Now getting a RC 7 from the remote-asset pod :)

2022/02/28 09:35:52 Fetching Directory [urn:fdc:buildstream.build:2020:v1:bst-common/base/2aaa3338e361f55c77eb31c634545891985a4590c23cee4f4cde5e8b4de79d2b] with qualifiers []
2022/02/28 09:35:52 FetchBlob completed for [urn:fdc:buildstream.build:2020:v1:bst-common/base/2aaa3338e361f55c77eb31c634545891985a4590c23cee4f4cde5e8b4de79d2b] with status code 7

Any help for me would be appreciated.

Qinusty commented 2 years ago

Ah ofcourse this is for buildstream and not bazel!

iirc the configurations with buildstream generally avoid http fetcher and support the push functionality of buildstream. If you replace the http with the 'error'' block you had before does it work?
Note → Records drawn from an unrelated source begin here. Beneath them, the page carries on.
(* Let $\mathcal{K}_1=(\mathcal{R}_1,\mathcal{T}_1)$ and $\mathcal{K}_2=(\mathcal{R}_2,\mathcal{T}_2)$ be $\mathcal{ALCP}$ knowledge bases with $\mathrm{sig}(\mathcal{K}_1)\cap\mathrm{sig}(\mathcal{K}_2)=\emptyset$, such that $\mathcal{K}_1$ and $\mathcal{K}_1\cup\mathcal{K}_2=(\mathcal{R}_1\cup\mathcal{R}_2,\mathcal{T}_1\cup\mathcal{T}_2)$ are ME-consistent, where $\mathcal{K}_1\cup\mathcal{K}_2$ is taken over the propositional language whose signature is the union of those of $\mathcal{K}_1$ and $\mathcal{K}_2$. Let $C,D$ be concepts and $\kappa$ a context with $(\mathrm{sig}(C)\cup\mathrm{sig}(D)\cup\mathrm{sig}(\kappa))\cap\mathrm{sig}(\mathcal{K}_2)=\emptyset$. Then $\mathcal{B}_{\mathcal{K}_1}(C\sqsubseteq D\mid\kappa)=\mathcal{B}_{\mathcal{K}_1\cup\mathcal{K}_2}(C\sqsubseteq D\mid\kappa)$.
   Context: For a propositional language $\mathcal{L}$ over a finite set of variables, $\mathrm{Int}(\mathcal{L})$ is the set of truth assignments. A probability distribution over $\mathcal{L}$ is $P:\mathrm{Int}(\mathcal{L})\to[0,1]$ summing to $1$, with $P(\phi)=\sum_{v\models\phi}P(v)$. A probabilistic constraint is $c_0+\sum_{i=1}^k c_i\,\mathsf{p}(\phi_i)\ge 0$ ($c_i\in\mathbb{R}$, $\phi_i\in\mathcal{L}$), satisfied by $P$ iff $c_0+\sum_ic_iP(\phi_i)\ge0$; $\mathrm{Mod}(\mathcal{R})$ is the set of distributions satisfying all constraints in $\mathcal{R}$; for consistent $\mathcal{R}$, $P^{ME}_{\mathcal{R}}$ is the unique maximizer in $\mathrm{Mod}(\mathcal{R})$ of $H(P)=-\sum_vP(v)\log P(v)$. Concepts: $C::=A\mid\neg C\mid C\sqcap C\mid\exists r.C$. An $\mathcal{L}$-GCI is $\langle C\sqsubseteq D:\kappa\rangle$, $\kappa\in\mathcal{L}$; an $\mathcal{L}$-TBox is a finite set of them; a KB is $\mathcal{K}=(\mathcal{R},\mathcal{T})$. $\mathrm{sig}(\mathcal{T})$ is the set of concept and role names occurring in $\mathcal{T}$, $\mathrm{sig}(\mathcal{R})$ the set of propositional variables occurring in $\mathcal{R}$, and $\mathrm{sig}(\mathcal{K})=\mathrm{sig}(\mathcal{R})\cup\mathrm{sig}(\mathcal{T})$; $\mathrm{sig}(C)$ and $\mathrm{sig}(\kappa)$ are the symbols occurring in $C$ and $\kappa$. A possible world $\mathcal{I}=(\Delta^{\mathcal{I}},\cdot^{\mathcal{I}},v^{\mathcal{I}})$ is a classical $\mathcal{ALC}$ interpretation together with $v^{\mathcal{I}}\in\mathrm{Int}(\mathcal{L})$; it models $\langle C\sqsubseteq D:\kappa\rangle$ iff $v^{\mathcal{I}}\not\models\kappa$ or $C^{\mathcal{I}}\subseteq D^{\mathcal{I}}$. An $\mathcal{ALCP}$-interpretation $\mathcal{P}=(\mathfrak{I},P_{\mathfrak{I}})$ is a nonempty finite set of possible worlds with a probability distribution on it; $P^{\mathcal{P}}(v)=\sum_{\mathcal{I}\in\mathfrak{I},v^{\mathcal{I}}=v}P_{\mathfrak{I}}(\mathcal{I})$. $\mathcal{P}$ is an ME-$\mathcal{ALCP}$-model of $\mathcal{K}$ iff all its worlds model every GCI of $\mathcal{T}$ and $P^{\mathcal{P}}=P^{ME}_{\mathcal{R}}$; $\mathrm{Mod}_{ME}(\mathcal{K})$ is the set of these; $\mathcal{K}$ is ME-consistent iff it is nonempty. $\Pr_{\mathcal{P}}(C\sqsubseteq D\mid\kappa)=\big(\sum_{\mathcal{I}\in\mathfrak{I},v^{\mathcal{I}}\models\kappa,C^{\mathcal{I}}\subseteq D^{\mathcal{I}}}P_{\mathfrak{I}}(\mathcal{I})\big)/\big(\sum_{\mathcal{I}\in\mathfrak{I},v^{\mathcal{I}}\models\kappa}P_{\mathfrak{I}}(\mathcal{I})\big)$. The belief interval $\mathcal{B}_{\mathcal{K}}(C\sqsubseteq D\mid\kappa)$ is $[\inf,\sup]$ of $\Pr_{\mathcal{P}}(C\sqsubseteq D\mid\kappa)$ over $\mathcal{P}\in\mathrm{Mod}_{ME}(\mathcal{K})$. *)

From Stdlib Require List.
From HB Require Import structures.
From mathcomp Require Import all_boot all_order all_algebra.
From mathcomp Require Import finmap.
From mathcomp Require Import boolp classical_sets reals exp.
Set Implicit Arguments.
Unset Strict Implicit.
Unset Printing Implicit Defensive.
Import Order.TTheory GRing.Theory Num.Theory.
Local Open Scope ring_scope.


Inductive pform : Type :=
  | PTrue
  | PVar of nat
  | PNot of pform
  | PAnd of pform & pform
  | POr of pform & pform.

Fixpoint pvars (f : pform) : seq nat :=
  match f with
  | PTrue => [::]
  | PVar x => [:: x]
  | PNot g => pvars g
  | PAnd g h => pvars g ++ pvars h
  | POr g h => pvars g ++ pvars h
  end.

Definition assignment (S : {fset nat}) := {ffun S -> bool}.

Definition eval_var (S : {fset nat}) (v : assignment S) (x : nat) : bool :=
  match (insub x : option S) with Some s => v s | None => false end.

Fixpoint sat (S : {fset nat}) (v : assignment S) (f : pform) : bool :=
  match f with
  | PTrue => true
  | PVar x => eval_var v x
  | PNot g => ~~ sat v g
  | PAnd g h => sat v g && sat v h
  | POr g h => sat v g || sat v h
  end.

Definition in_lang (S : {fset nat}) (f : pform) : bool :=
  all (fun x => x \in S) (pvars f).

Definition is_distr (R : realType) (S : {fset nat}) (P : assignment S -> R) :=
  (forall v, 0 <= P v) /\ \sum_(v : assignment S) P v = 1.

Definition prob (R : realType) (S : {fset nat}) (P : assignment S -> R)
  (f : pform) : R := \sum_(v : assignment S | sat v f) P v.

(* probabilistic constraint  c0 + sum_i c_i p(phi_i) >= 0 *)
Record pconstraint (R : realType) := PConstr {
  pc_c0 : R;
  pc_terms : seq (R * pform) }.

Definition pc_vars (R : realType) (c : pconstraint R) : seq nat :=
  flatten [seq pvars t.2 | t <- pc_terms c].

Definition pc_sat (R : realType) (S : {fset nat}) (P : assignment S -> R)
  (c : pconstraint R) : Prop :=
  0 <= pc_c0 c + \sum_(t <- pc_terms c) t.1 * prob P t.2.

Definition ModR (R : realType) (S : {fset nat}) (Rs : seq (pconstraint R))
  (P : assignment S -> R) : Prop :=
  is_distr P /\ forall c, List.In c Rs -> pc_sat P c.

(* entropy, with 0 log 0 = 0 (ln 0 = 0 in mathcomp-analysis) *)
Definition entropy (R : realType) (S : {fset nat}) (P : assignment S -> R) : R :=
  - \sum_(v : assignment S) P v * ln (P v).

(* P is the maximum-entropy model P^ME_R of Rs (the maximizer is unique
   whenever Rs is consistent, so this characterizes P^ME_R). *)
Definition is_ME (R : realType) (S : {fset nat}) (Rs : seq (pconstraint R))
  (P : assignment S -> R) : Prop :=
  ModR Rs P /\ forall Q : assignment S -> R, ModR Rs Q -> entropy Q <= entropy P.

Inductive concept : Type :=
  | CName of nat
  | CNot of concept
  | CAnd of concept & concept
  | CEx of nat & concept.

Fixpoint cnames (C : concept) : seq nat :=
  match C with
  | CName A => [:: A]
  | CNot C' => cnames C'
  | CAnd C1 C2 => cnames C1 ++ cnames C2
  | CEx _ C' => cnames C'
  end.

Fixpoint rnames (C : concept) : seq nat :=
  match C with
  | CName _ => [::]
  | CNot C' => rnames C'
  | CAnd C1 C2 => rnames C1 ++ rnames C2
  | CEx r C' => r :: rnames C'
  end.

Record gci := GCI { g_lhs : concept; g_rhs : concept; g_ctx : pform }.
As for the sharding configuration, I would avoid passing unnecessary data through the frontend if you have access to the sharding configuration (like in this example). Clients should go through the frontend for cache access.

pseymournutanix commented 2 years ago

Hi,

Yes if I move the fetcher block back to the original and remove the actionCache block from inside the blobAccess and leave contentAddressableStorage I get pushes / pulls OK it seems. It's not the quickest so wondering if it's optimal. 49s for 600mb approx artifacts on a local network - not too bad I suppose :)

Pipeline
     waiting 5a9cd54bcaa0a9b01e6244ced5361d0d9259e932a8b16fcae5c86296bb9d33e0 base.bst
===============================================================================
[--:--:--][5a9cd54b][ pull:base.bst                      ] START   bst-common/base/5a9cd54b-pull.2368.log
[--:--:--][5a9cd54b][ pull:base.bst                      ] STATUS  Pulling artifact 5a9cd54b <- http://buildbarn-cache.my.domain:11001
[--:--:--][5a9cd54b][ pull:base.bst                      ] INFO    Pulled artifact 5a9cd54b <- http://buildbarn-cache.my.domain:11001
[00:00:47][5a9cd54b][ pull:base.bst                      ] SUCCESS bst-common/base/5a9cd54b-pull.2368.log
[--:--:--][][] START   cache_size/cache_size.2439.log
[--:--:--][][] STATUS  Cache usage recomputed: 559.5M / infinity (0%)
[00:00:00][][] SUCCESS cache_size/cache_size.2439.log
[--:--:--][5a9cd54b][ push:base.bst                      ] START   bst-common/base/5a9cd54b-push.2441.log
[--:--:--][5a9cd54b][ push:base.bst                      ] STATUS  Pushing artifact 5a9cd54b -> http://buildbarn-cache.my.domain:11002
[--:--:--][5a9cd54b][ push:base.bst                      ] INFO    Remote (http://buildbarn-cache.my.domain:11002) already has 5a9cd54b cached
[00:00:00][5a9cd54b][ push:base.bst                      ] SKIPPED Push

But this is certainly progress. Many thanks for the help, and pointers.

pseymournutanix commented 2 years ago

Thanks for all the help. This was a configuration error on my part.